Quant aux jouets numériques, aux tablettes et aux baladeurs MP3, ils peuvent être même source de danger s’ils ne sont pas utilisés à bon escient. En effet, on constate que les enfants, de plus en plus jeunes, possèdent des lecteurs MP3 pour la musique ou une tablette pour les films. Or, leur écoute n’est souvent pas raisonnée, car elle dure longtemps et le son est trop fort, comme par exemple le soir pour s’endormir, ou pendant un long trajet en voiture. Le principe à appliquer est donc que plus l’écoute se prolonge, moins il faut mettre le son fort. Il revient aux parents de limiter le temps (une heure d’affilée maximum, par exemple) et de surveiller l’intensité. Pour information, les baladeurs MP3 montent jusqu’à 100 dB. À ce stade, une écoute sans danger doit se limiter à 15 minutes.

Le bruit a un impact réel sur la santé de l’enfant ?

V. R. : Oui, à différents niveaux. Tout d’abord, comme celles d’un adulte, les oreilles d’un enfant sont fragiles et ce, d’autant plus que plus les enfants sont jeunes, et moins ils sont en capacité de se protéger et d’agir par eux-mêmes sur un bruit potentiellement dangereux. Ensuite, le bruit a une influence sur le sommeil de l’enfant : lorsque qu’un enfant a passé sa journée dans un endroit bruyant, son organisme a accumulé cette énergie sonore. Cela a pour conséquence, même si l’enfant se couche ensuite dans un endroit calme, de retarder le moment de l’endormissement. De plus, c’est une idée reçue de penser qu’il est bon pour un enfant d’apprendre à s’endormir dans le bruit. Télévision et home cinéma, fêtes, aspirateur… Le cerveau enregistre tous ces bruits, qui dégradent la qualité du sommeil de l’enfant : stress, mauvaise humeur, réveils plus fréquents, changement de rythme dans les stades du sommeil… Or, le sommeil est très important, car il permet à l’enfant de se construire et de grandir. Si le sommeil est perturbé de manière récurrente, c’est toute la croissance de l’enfant qui peut l’être aussi. Enfin, à plus long terme, l’exposition à un environnement sonore élevé (comme par exemple les bruits routiers) peut entraîner des maladies cardio-vasculaires et des problèmes de tension à l’âge adulte.

 

Quelle attitude doivent adopter les parents ?

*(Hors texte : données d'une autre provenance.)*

(* V = C^n (column vectors), with G_c acting on the left through a     *)
(* matrix representation rho : Hom(c,c) -> 'M_n  (psi . v = rho psi v).*)
(* C[Hom(c,d)] (x) V is modelled as matrices 'M_(#|Hom(c,d)|, n)       *)
(* (row k = coefficient vector (transposed) of the basis element       *)
(* enum_val k), flattened to row vectors by mxvec.                     *)
Section Ind.
Variables (c : Ob) (n : nat) (rho : H c c -> 'M[algC]_n) (d : Ob).

Local Notation N := (#|H c d| * n)%N.

Definition tens (f : H c d) (v : 'cV[algC]_n) : 'rV[algC]_N :=
  mxvec (\matrix_(k < #|H c d|, j < n) ((enum_val k == f)%:R * v j 0)).

Definition tens_rel (f : H c d) (psi : H c c) (j : 'I_n) : 'rV[algC]_N :=
  tens (compm f psi) (delta_mx j 0) - tens f (rho psi *m delta_mx j 0).

(* the subspace of C[Hom(c,d)] (x)_C V spanned by the balancing
   relations; C[Hom(c,d)] (x)_{C[G_c]} V is the quotient by it. *)
Definition tens_rels : 'M[algC]_N :=
  (\sum_(f : H c d) \sum_(psi : H c c) \sum_(j < n) <<tens_rel f psi j>>)%MS.

Definition postcomp_mx (sigma : H d d) : 'M[algC]_(#|H c d|) :=
  \matrix_(k, i) (compm sigma (enum_val i) == enum_val k)%:R.

Definition act_tens (sigma : H d d) : 'M[algC]_N :=
  lin1_mx (fun x : 'rV[algC]_N => mxvec (postcomp_mx sigma *m vec_mx x)).

(* the induced action on the factor module  (C[Hom(c,d)] (x) V) / rels,
   using MathComp's factor-module coordinates (cf. factmod_mx) *)
Definition Ind_mx (sigma : H d d) :=
  in_factmod tens_rels (@val_factmod _ _ tens_rels _ 1%:M *m act_tens sigma).

Definition Ind_char (sigma : H d d) : algC := \tr (Ind_mx sigma).

End Ind.

Definition rep_char (c : Ob) (n : nat) (rho : H c c -> 'M[algC]_n)
    (psi : H c c) : algC := \tr (rho psi).

End FIType.

From Pilot Require Import Defs.
From mathcomp Require Import all_boot ssralg zmodp matrix mxalgebra mxrepresentation algC.
Set Implicit Arguments. Unset Strict Implicit. Unset Printing Implicit Defensive.
Import GRing.Theory.
Local Open Scope ring_scope.

(* Choose a representative r(f) of each right G_c-orbit in Hom(c,d) and write
   f = r(f) phi(f); phi(f) in G_c is unique because morphisms are monic. The map
   f (x) v |-> r(f) (x) phi(f) v is idempotent with kernel the span of the
   balancing relations, so the trace of sigma on Ind_c(V)_d equals the trace of
   sigma followed by this projection. Its diagonal block at f vanishes unless
   f = r(f) and sigma f = f psi with psi in G_c, and then has trace chi_V(psi).
   The class of psi depends only on the orbit of f, so summing over the
   representatives f gives sum_mu chi_V(mu) binom(X, mu)(sigma). *)

Lemma mul_rV_lin1_fun (R : comNzRingType) m n (h : 'rV[R]_m -> 'rV[R]_n) :
  {morph h : x y / x + y} -> (forall a x, h (a *: x) = a *: h x) ->
  forall u, u *m lin1_mx h = h u.
Proof.
move=> hD hZ u; have h0 : h 0 = 0 by rewrite -(scale0r 0) hZ scale0r.
rewrite [u in RHS]row_sum_delta (big_morph h hD h0); apply/rowP=> i.
by rewrite mxE summxE; apply: eq_bigr => j _; rewrite hZ !mxE.
Qed.

Lemma sum_enum_val_eq (T : finType) (R : nzRingType) (x : T) (G : 'I_#|T| -> R) :
  \sum_(i < #|T|) (enum_val i == x)%:R * G i = G (enum_rank x).
Proof.
rewrite (bigD1 (enum_rank x)) //= enum_rankK eqxx mul1r big1 ?addr0 // => i ne.
by rewrite -(inj_eq enum_rank_inj) enum_valK (negPf ne) mul0r.
Qed.

Lemma mxtrace_mxvec (R : nzRingType) m n (M : 'M[R]_(m * n)) :
  \tr M = \sum_(i < m) \sum_(j < n) (mxvec (delta_mx i j) *m M) 0 (mxvec_index i j).
Proof.
rewrite /mxtrace (reindex _ (curry_mxvec_bij m n)) pair_bigA /=.
by apply: eq_bigr => -[i j] _; rewrite mxvec_delta -rowE mxE.
Qed.

Section ProjectionAlong.
Variables (F : fieldType) (N : nat) (U : 'M[F]_N).

(* For row vectors, these two conditions say that P is idempotent with kernel U. *)
Definition proj_along (P : 'M[F]_N) : bool := (U *m P == 0) && (1%:M - P <= U)%MS.

Lemma proj_alongP P : reflect (U *m P = 0 /\ (1%:M - P <= U)%MS) (proj_along P).
Proof. by apply: (iffP andP) => -[UP sP]; split=> //; apply/eqP. Qed.

Lemma proj_along_factmod : proj_along (val_factmod (in_factmod U 1%:M)).
Proof.
apply/andP; split.
  by rewrite val_factmodE in_factmodE mul1mx mulmxA -in_factmodE -val_factmodE
             val_factmod_eq0 in_factmod_eq0.
by rewrite -{1}(add_sub_fact_mod U 1%:M) addrK val_submodP.
Qed.

(* The trace of an endomorphism A of the quotient by an A-stable U can be
   computed with any projection along U. *)
Lemma mxtrace_proj_along (A P Q : 'M[F]_N) :
  (U *m A <= U)%MS -> proj_along P -> proj_along Q -> \tr (A *m P) = \tr (A *m Q).
Proof.
move=> sUA /proj_alongP[UP sP] /proj_alongP[UQ sQ].
have kill (X B : 'M[F]_N) : U *m B = 0 -> (X <= U)%MS -> X *m B = 0.
  by move=> UB /submxP[D ->]; rewrite -mulmxA UB mulmx0.
have AQ : A *m Q = P *m A *m Q.
  apply/eqP; rewrite -subr_eq0 -{1}[A]mul1mx -!mulmxBl.
  by rewrite (kill _ _ UQ) // (submx_trans _ sUA) ?submxMr.
have QP : Q *m P = P.
  by apply/eqP; rewrite eq_sym -subr_eq0 -{1}[P]mul1mx -mulmxBl (kill _ _ UP sQ).
by rewrite AQ -mulmxA [RHS]mxtrace_mulC -mulmxA QP.
Qed.

Lemma mxtrace_factmod (A P : 'M[F]_N) : (U *m A <= U)%MS -> proj_along P ->
  \tr (in_factmod U (val_factmod 1%:M *m A)) = \tr (A *m P).
Proof.
move=> sUA UP; rewrite (mxtrace_proj_along sUA UP proj_along_factmod).
by rewrite in_factmodE -mulmxA mxtrace_mulC -mulmxA -val_factmodE.
Qed.

End ProjectionAlong.

Section FICategory.
Variables (C : category) (hC : FItype C).

Lemma FItype_mono b c (f : Hom C b c) : is_mono f.
Proof. by case: hC. Qed.

Lemma FItype_endo_iso d (f : Hom C d d) : is_iso f.
Proof. by case: hC => _ []. Qed.

Section RightOrbits.
Variables c d : Obj C.
Implicit Types f g : Hom C c d.

Lemma rorbitP f g : reflect (exists psi, g = compm f psi) (g \in rorbit f).
Proof. by apply: (iffP imsetP) => [[psi _ ->]|[psi ->]]; exists psi. Qed.

Lemma mem_rorbit f : f \in rorbit f.
Proof. by apply/rorbitP; exists (idm c); rewrite compm1. Qed.

Lemma rorbit_comp f psi : rorbit (compm f psi) = rorbit f.
Proof.
apply/setP => g; apply/rorbitP/rorbitP => -[a ->].
  by exists (compm psi a); rewrite Defs.compA.
have [b [_ psib]] := FItype_endo_iso psi.
by exists (compm b a); rewrite Defs.compA -(Defs.compA f psi b) psib compm1.
Qed.

(* A chosen representative of the orbit f G_c and the element of G_c moving it
   to f, which is unique because morphisms are monic. *)
Definition orbit_rep f : Hom C c d := odflt f [pick g in rorbit f].

Definition orbit_coord f : Hom C c c :=
  odflt (idm c) [pick psi | compm (orbit_rep f) psi == f].

Lemma orbit_rep_mem f : orbit_rep f \in rorbit f.
Proof. by rewrite /orbit_rep; case: pickP => //= _; apply: mem_rorbit. Qed.

Lemma eq_orbit_rep f g : rorbit f = rorbit g -> orbit_rep f = orbit_rep g.
Proof. by rewrite /orbit_rep => ->; case: pickP => //= /(_ g); rewrite mem_rorbit. Qed.

Lemma orbit_rep_comp f psi : orbit_rep (compm f psi) = orbit_rep f.
Proof. by apply: eq_orbit_rep; apply: rorbit_comp. Qed.

Lemma orbit_repK f : orbit_rep (orbit_rep f) = orbit_rep f.
Proof. by have /rorbitP[a Ea] := orbit_rep_mem f; rewrite {1}Ea orbit_rep_comp. Qed.

Lemma orbit_repP f : compm (orbit_rep f) (orbit_coord f) = f.
Proof.
have /rorbitP[a Ea] := orbit_rep_mem f; have [b [_ ab]] := FItype_endo_iso a.
rewrite /orbit_coord; case: pickP => [psi /eqP //|/(_ b)].
by rewrite Ea -Defs.compA ab compm1 eqxx.
Qed.

Lemma orbit_coord_comp f psi : orbit_coord (compm f psi) = compm (orbit_coord f) psi.
Proof.
apply: (@FItype_mono _ _ (orbit_rep f)).
by rewrite -{1}(orbit_rep_comp f psi) orbit_repP Defs.compA orbit_repP.
Qed.

Lemma sum_binomset (R : nmodType) (G : {set Hom C c d} -> R) :
  \sum_(O in binomset c d) G O = \sum_(f | orbit_rep f == f) G (rorbit f).
Proof.
have -> : binomset c d = [set rorbit f | f in [set f | orbit_rep f == f]].
  apply/setP => O; apply/imsetP/imsetP => -[f _ ->]; last by exists f.
  have /rorbitP[a Ea] := orbit_rep_mem f.
  by exists (orbit_rep f); rewrite ?inE ?orbit_repK // Ea rorbit_comp.
rewrite big_imset /=; last first.
  move=> f g; rewrite !inE => /eqP fr /eqP gr /eq_orbit_rep.
  by rewrite fr gr.
by apply: eq_bigl => f; rewrite inE.
Qed.

End RightOrbits.

Section Conjugacy.
Variable c : Obj C.
Implicit Types a x : Hom C c c.

Lemma conjclassP a x : reflect (exists g, compm g a = compm x g) (x \in conjclass a).
Proof. by rewrite inE; apply: (iffP existsP) => -[g /eqP]; exists g. Qed.

Lemma conjclass_refl a : a \in conjclass a.
Proof. by apply/conjclassP; exists (idm c); rewrite comp1m compm1. Qed.

Lemma conjclass_transr a x : x \in conjclass a -> conjclass x = conjclass a.
Proof.
case/conjclassP => g ga; have [g' [g'g gg']] := FItype_endo_iso g.
have g'x : compm g' x = compm a g'.
  by rewrite -[compm a g']comp1m -g'g -!Defs.compA (Defs.compA g a) ga
             -!Defs.compA gg' compm1.
apply/setP => y; apply/conjclassP/conjclassP => -[h hE].
  by exists (compm h g); rewrite -Defs.compA ga !Defs.compA hE.
by exists (compm h g'); rewrite -Defs.compA g'x Defs.compA hE -Defs.compA.
Qed.

Lemma class_rep_mem a : class_rep (conjclass a) \in conjclass a.
Proof. by rewrite /class_rep; case: pickP => //= /(_ a); rewrite conjclass_refl. Qed.

End Conjugacy.

Section FixedOrbits.
Variables (c d : Obj C) (sigma : Hom C d d).

Definition fixed_via (mu : {set Hom C c c}) (O : {set Hom C c d}) : bool :=
  [exists f in O, exists psi in mu, compm sigma f == compm f psi].

Lemma binomX_sum (R : nzSemiRingType) (mu : {set Hom C c c}) :
  (binomX mu sigma)%:R = \sum_(O in binomset c d) (fixed_via mu O)%:R :> R.
Proof.
rewrite /binomX -sum1_card natr_sum [RHS]big_mkcond [LHS]big_mkcond /=.
apply: eq_bigr => O _; rewrite inE -/(fixed_via mu O).
by case: (_ \in _); case: (fixed_via mu O).
Qed.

V. R. : L’environnement sonore des enfants est de plus en plus bruyant, dans la mesure où le nôtre l’est également. Dans un premier temps, cela revient donc à nous, adultes, de préserver leurs oreilles, S’en s’empêcher de vivre, il faut essayer, le plus possible d’atténuer les niveaux sonores. Mais la stimulation sonore aussi est importante : la variété des sons permet à l’enfant de se développer et d’appréhender son environnement, car ils sont intimement liés aux émotions.

 

Propos recueillis par Delphine Soury

 

Le site du CIDB

Une oreille en devenir

A la naissance, l’oreille du nourrisson est complète. En revanche, la partie du cerveau qui traite l’information sonore est encore en développement et ce n’est qu’entre 4 et 8 ans que tous les centres auditifs y seront achevés. Pour cette raison, il faut attendre l’âge de 5 ans avant que l’enfant entende certaines fréquences aigues, et même 10 ans pour certaines fréquences graves. Mais cela dépend aussi de chaque personne.